Krashen (1982) considera a hipótese do input uma das mais importantes teorias por ele produzida, uma vez que muitos indivíduos aprendem uma LE fora do ambiente natural e têm contato com a LE somente em sala de aula, caso em que o input fornecido se restringe a esse contexto. Cabe, portanto, ao professor, fornecer o input necessário e apropriado para a aprendizagem da língua por meio de atividades dentro da sala de aula.

d) Monitoramento - o monitoramento atua como correção. Ocorre quando o falante acha que cometeu algum erro e considera necessário corrigi-lo. Esse monitoramento ajuda a empregar, de forma consciente, o uso das regras gramaticais da língua que está aprendendo. Krashen (1982) destaca que o monitoramento só é posto em prática em dois momentos: quando há foco na estrutura da língua e quando há conhecimento das regras. Em outras palavras, o falante só se corrige se tiver consciência de seu erro e se quiser ou for solicitado a corrigir-se. O monitoramento depende, ainda, das características da personalidade de cada indivíduo.

Segundo Schütz (2005), pessoas que tendem à introversão, à falta de autoconfiança ou ao perfeccionismo utilizam o monitoramento em excesso, podendo até desenvolver um bloqueio comprometedor da espontaneidade devido à consciência da alta probabilidade de cometerem erros.

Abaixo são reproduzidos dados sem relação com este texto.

Lemma cxsum_delta : forall n j f, (j < n)%nat ->
  cxsum n (fun i => if (i =? j)%nat then f i else cx0) = f j.
Proof.
  intros n j f Hj. apply cx_eq; rewrite ?fst_cxsum, ?snd_cxsum.
  - rewrite <- (rsum_delta n j (fun i => fst (f i))) by auto.
    apply rsum_ext; intros i _; destruct (i =? j)%nat; auto.
  - rewrite <- (rsum_delta n j (fun i => snd (f i))) by auto.
    apply rsum_ext; intros i _; destruct (i =? j)%nat; auto.
Qed.

Lemma cxn_ge0 : forall z, 0 <= cxnorm z.
Proof. intros. exact (Cmod_ge_0 z). Qed.
Lemma cxn_eq0 : forall z, cxnorm z = 0 -> z = cx0.
Proof. intros. exact (Cmod_eq_0 z H). Qed.
Lemma cxn_0 : cxnorm cx0 = 0.
Proof. exact Cmod_0. Qed.
Lemma cxn_tri : forall z w, cxnorm (cxadd z w) <= cxnorm z + cxnorm w.
Proof. intros. exact (Cmod_triangle z w). Qed.
Lemma cxn_mul : forall z w, cxnorm (cxmul z w) = cxnorm z * cxnorm w.
Proof. intros. exact (Cmod_mult z w). Qed.
Lemma cxn_neg : forall z, cxnorm (cxneg z) = cxnorm z.
Proof. intros. exact (Cmod_opp z). Qed.
Lemma cxscal_mul : forall a z, cxscal a z = cxmul (cxR a) z.
Proof. intros a [x y]; apply cx_eq; simpl; ring. Qed.
Lemma cxn_scal : forall a z, cxnorm (cxscal a z) = Rabs a * cxnorm z.
Proof. intros. rewrite cxscal_mul, cxn_mul. f_equal. exact (Cmod_R a). Qed.
Lemma cxn_sub_tri : forall z w, cxnorm (cxsub z w) <= cxnorm z + cxnorm w.
Proof.
  intros. replace (cxsub z w) with (cxadd z (cxneg w)) by cxring.
  eapply Rle_trans; [apply cxn_tri|]. rewrite cxn_neg; lra.
Qed.

(* Extension of a solution [a'] of the reduced system by one unknown, chosen
   so that the pivot row [g] is annihilated. *)
Definition pivot_solution (q : nat) (g a' : nat -> Cpx) (j : nat) : Cpx :=
  if (j <? q)%nat then a' j
  else cxneg (cxdiv (cxsum q (fun k => cxmul (g k) (a' k))) (g q)).

(* One Gaussian elimination step: if [a'] annihilates the row [f] reduced by
   the pivot row [g] (on the first [q] unknowns), then [pivot_solution]
   annihilates [f] itself. *)
Lemma pivot_solution_spec : forall q (g f a' : nat -> Cpx), g q <> cx0 ->
  cxsum q (fun j => cxmul (cxsub (f j) (cxmul (cxdiv (f q) (g q)) (g j))) (a' j)) = cx0 ->
  cxsum (S q) (fun j => cxmul (f j) (pivot_solution q g a' j)) = cx0.
Proof.
  intros q g f a' Hg Hred. simpl. unfold pivot_solution at 2. rewrite Nat.ltb_irrefl.
  rewrite (cxsum_ext q _ (fun j => cxmul (f j) (a' j))).
  2:{ intros k Hk. unfold pivot_solution. destruct (Nat.ltb_spec k q); [auto|lia]. }
  rewrite (cxsum_ext q _ (fun j => cxsub (cxmul (f j) (a' j))
             (cxmul (cxdiv (f q) (g q)) (cxmul (g j) (a' j))))) in Hred by (intros; cxring).
  rewrite cxsum_sub, cxsum_mul_l in Hred. rewrite <- Hred. cxring.
Qed.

Segundo o autor, pessoas que tendem à extroversão, que tendem a falar muito, ou que tendem a falar de forma espontânea e impensada, pouco utilizam o monitoramento, devido às suas espontaneidades de expressão. Os que mais se beneficiam do monitoramento da aprendizagem são as pessoas que conseguem equilibrar a ansiedade de aprender, aplicando a função do monitoramento de forma moderada e tendo consciência de seus erros.

Schütz (2005) afirma que o professor, ao ter ciência dessa função, passa a compreender melhor que o processo de aprendizagem se dá de forma diferente para cada pessoa. Segundo este autor, também é importante o professor detectar quais os alunos que são introspectivos, quais os que são extrovertidos, bem como os que são “equilibrados”, para que haja uma diversidade na forma de expor a língua, de propor atividades em sala de aula e de propor exercícios escritos.